There have been very few studies on the effects of dystonia medications and botulinum neurotoxin injections in pregnant women, so to err on the side of caution, it is generally recommended that women who are pregnant cease drug treatment. In some cases a woman may (gradually) stop taking oral drugs completely, in other cases the dose is reduced. Treatment for dystonia during pregnancy is very individual and each woman's situation is unique. There is no single recommendation for all women patients, and women should discuss their situation with an experienced movement disorder specialist.
People with dystonia should exercise extreme caution in considering traditional chiropractic care to address their dystonia symptoms. Because of the nature of chiropractic adjustments and the nature of dystonia, there is some clear potential for harm. Gentle massage may help temporarily alleviate muscle tension, but before seeking treatment from a chiropractor or massage therapist (or any complementary therapy practitioner) you must be completely confident that the practitioner fully understands dystonia and the implications of your individual symptoms. This may involve providing materials to the practitioner, sharing the DMRF's web address, or inviting the practitioner to contact your movement disorder specialist.
Although published information is limited, anecdotal accounts suggest that acupuncture may help relieve pain in people with dystonia. The benefits of acupuncture are usually cumulative and require more than one visit to the practitioner before becoming apparent. Acupuncture can be used in conjunction with traditional medications without negative interactions.

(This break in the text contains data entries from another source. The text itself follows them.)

(* In a pure Ind(G), every maximal independent set has n elements, so it contains
   exactly one end of each edge x_k y_k of a pure order.  A cross x_i y_j, x_j y_i therefore
   forces x_i and x_j to lie in the same maximal independent sets.  Conversely, in a
   cross-free pure order any two vertices are separated by a maximal independent set: for
   two indices c, d with no edge x_c y_d, take x_k for k in the up-set of c (closed under
   the edges x_k y_l by transitivity) and y_k elsewhere.  Hence one crossed pure order
   makes every pure order crossed.  The existence of a pure order, needed for the other
   direction, comes from Hall's theorem: purity gives Hall's condition for the bipartition
   of G, and a perfect matching is automatically a pure order. *)

From mathcomp Require Import all_boot.
Set Implicit Arguments. Unset Strict Implicit. Unset Printing Implicit Defensive.

Section Hall.
Variable T : finType.
Implicit Types (r : rel T) (B S X : {set T}).

Definition nbhd r S : {set T} := [set v | [exists u in S, r u v]].

Lemma nbhdP r S v : reflect (exists2 u, u \in S & r u v) (v \in nbhd r S).
Proof.
rewrite inE; apply: (iffP existsP) => [[u /andP[]]|[u Su ruv]]; first by exists u.
by exists u; rewrite Su.
Qed.

Lemma nbhdU r S1 S2 : nbhd r (S1 :|: S2) = nbhd r S1 :|: nbhd r S2.
Proof.
apply/setP=> v; rewrite in_setU; apply/nbhdP/orP => [[u]|].
  by rewrite inE => /orP[] Su ruv; [left | right]; apply/nbhdP; exists u.
by case=> /nbhdP[u Su ruv]; exists u; rewrite // inE Su ?orbT.
Qed.

Definition avoid r B : rel T := [rel u v | r u v && (v \notin B)].

Lemma nbhd_avoid r B S : nbhd (avoid r B) S = nbhd r S :\: B.
Proof.
apply/setP => v; rewrite in_setD andbC.
apply/nbhdP/andP => [[u Su /andP[ruv vB]]|[/nbhdP[u Su ruv] vB]].
  by split=> //; apply/nbhdP; exists u.
by exists u => //; rewrite /avoid /= ruv.
Qed.

Definition matching r X (f : T -> T) : Prop :=
  {in X &, injective f} /\ {in X, forall x, r x (f x)}.

Definition hall_condition r X : Prop :=
  forall S, S \subset X -> #|S| <= #|nbhd r S|.

Lemma matching_glue r B S X f g :
  matching r S f -> {in S, forall x, f x \in B} -> matching (avoid r B) X g ->
  matching r (S :|: X) (fun x => if x \in S then f x else g x).
Proof.
move=> [f_inj rf] fB [g_inj rg].
have Xg x : x \in S :|: X -> x \notin S -> x \in X by rewrite inE => /orP[->|].
split=> [u v Du Dv|u Du]; last first.
  by case: ifPn => [/rf // | /(Xg u Du) /rg /andP[]].
case: ifPn => Su; case: ifPn => Sv.
- exact: f_inj.
- by move=> fg; have /andP[_] := rg v (Xg v Dv Sv); rewrite -fg fB.
- by move=> gf; have /andP[_] := rg u (Xg u Du Su); rewrite gf fB.
- exact: g_inj (Xg u Du Su) (Xg v Dv Sv).
Qed.

Lemma hall_conditionS r S X : S \subset X -> hall_condition r X -> hall_condition r S.
Proof. by move=> sSX hX S' sS'; apply/hX/(subset_trans sS'). Qed.

Lemma hall_condition_tight r S X :
  S \subset X -> #|nbhd r S| <= #|S| -> hall_condition r X ->
  hall_condition (avoid r (nbhd r S)) (X :\: S).
Proof.
move=> sSX tightS hX S' sS'.
have disjSS' : S :&: S' = set0.
  apply/setP => v; rewrite !inE; apply/negP => /andP[Sv S'v].
  by move/subsetP: sS' => /(_ v S'v); rewrite inE Sv.
have := hX (S :|: S'); rewrite subUset sSX (subset_trans sS' (subsetDl X S)).
rewrite cardsU disjSS' cards0 subn0 nbhdU => /(_ isT).
rewrite -(cardsID (nbhd r S) (_ :|: _)) setUK setDUl setDv set0U nbhd_avoid.
by move/(leq_trans (leq_add tightS (leqnn _))); rewrite leq_add2l.
Qed.

Lemma hall_condition_surplus r X x0 y0 :
  x0 \in X ->
  (forall S, S \proper X -> S != set0 -> #|S| < #|nbhd r S|) ->
  hall_condition (avoid r [set y0]) (X :\ x0).
Proof.
move=> Xx0 surplus S sS; rewrite nbhd_avoid.
have [-> | S_n0] := eqVneq S set0; first by rewrite cards0.
have := surplus S (sub_proper_trans sS (properD1 Xx0)) S_n0.
rewrite (cardsD1 y0 (nbhd r S)).
by case: (y0 \in _); rewrite ?add1n ?ltnS // => /ltnW.
Qed.

Theorem hall_marriage r X : hall_condition r X -> exists f, matching r X f.
Proof.
move: {2}#|X| (leqnn #|X|) => n; elim: n r X => [|n IH] r X leXn hX.
  move: leXn; rewrite leqn0 => /eqP/cards0_eq ->.
  by exists id; split=> x; rewrite inE.
have [-> | /set0Pn[x0 Xx0]] := eqVneq X set0.
  by exists id; split=> x; rewrite inE.
have [tight | surplus] := boolP
  [exists S : {set T}, [&& S \proper X, S != set0 & #|nbhd r S| <= #|S|]].
- have /existsP[S /and3P[ltSX S_n0 tightS]] := tight.
  have sSX := proper_sub ltSX.
  have [f rf] : exists f, matching r S f.
    apply: IH (hall_conditionS sSX hX).
    by rewrite -ltnS (leq_trans (proper_card ltSX)).
  have [g rg] : exists g, matching (avoid r (nbhd r S)) (X :\: S) g.
    apply: IH (hall_condition_tight sSX tightS hX).
    rewrite (cardsDS sSX) leq_subLR (leq_trans leXn) //.
    by rewrite -add1n leq_add2r card_gt0.
  exists (fun x => if x \in S then f x else g x).
  have -> : X = S :|: (X :\: S).
    by apply/setP => v; rewrite !inE; case: (boolP (v \in S)) => // /(subsetP sSX).
  apply: matching_glue (rf) _ rg => x Sx.
  by apply/nbhdP; exists x; last exact: rf.2.
- have [y0 r_x0y0] : exists y0, r x0 y0.
    have := hX [set x0]; rewrite sub1set Xx0 cards1 card_gt0 => /(_ isT) /set0Pn[y0].
    by case/nbhdP => u; rewrite inE => /eqP ->; exists y0.
  have [g rg] : exists g, matching (avoid r [set y0]) (X :\ x0) g.
    apply: IH; first by move: leXn; rewrite (cardsD1 x0 X) Xx0.
    apply: hall_condition_surplus => // S ltSX S_n0.
    by move: surplus; rewrite negb_exists => /forallP/(_ S); rewrite ltSX S_n0 ltnNge.
  exists (fun x => if x \in [set x0] then y0 else g x); rewrite -(setD1K Xx0).
  apply: matching_glue rg => [|x _]; last by rewrite set11.
  by split=> [u v | u]; rewrite !inE => /eqP-> // /eqP->.
Qed.

End Hall.

Section Independence.
Variables (T : finType) (e : rel T).
Implicit Types (A M S : {set T}).

Lemma independentP A :
  reflect (forall u v, u \in A -> v \in A -> ~~ e u v) (independent e A).
Proof.
apply: (iffP forall_inP) => [indA u v Au Av | indA u Au].
  by move/forall_inP: (indA u Au); apply.
by apply/forall_inP => v; apply: indA.
Qed.

Lemma independentS A S : S \subset A -> independent e A -> independent e S.
Proof.
move=> /subsetP sSA /independentP indA.
by apply/independentP => u v Su Sv; apply: indA; apply: sSA.
Qed.

Lemma maximal_independent_indep M : maximal_independent e M -> independent e M.
Proof. by case/andP. Qed.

If you are interested in finding an acupuncture practitioner, learn as much as you can about the practice. Laws vary from state to state so check into your local required credentials for people who practice acupuncture. A practitioner who is not a traditional physician should have a diploma from the National Commission for the Certification of Acupuncturists. You can also contact the American Academy of Medical Acupuncture (AAMA) for a list of certified acupuncturists in your state.
Hypnosis does not address dystonia directly, but regular relaxation techniques such as self-hypnosis can improve well being and quality of life.
There is no known correlation between dystonia and diet. Generally speaking, individuals with dystonia should have a nutritious diet sufficient in calories, considering the amount of muscle activity experienced throughout the day. Stimulants such as nicotine and caffeine may make symptoms worse. Alcohol may make symptoms temporarily better (or worse) in some cases. Nutritional supplements and vitamins have not generally been shown to cause dramatic improvement in movement disorders. Substances that make a person more relaxed, calm, or sleepy may non-specifically improve symptoms. It is important for individuals to discuss any vitamins and supplements taken with their movement disorders specialist to guard against potential interactions or safety concerns. Certain foods can interfere with the absorption of specific medications.
Temporomandibular joint (TMJ) disease is an arthritic condition, not a dystonia. Oromandibular dystonia may be misdiagnosed as TMJ.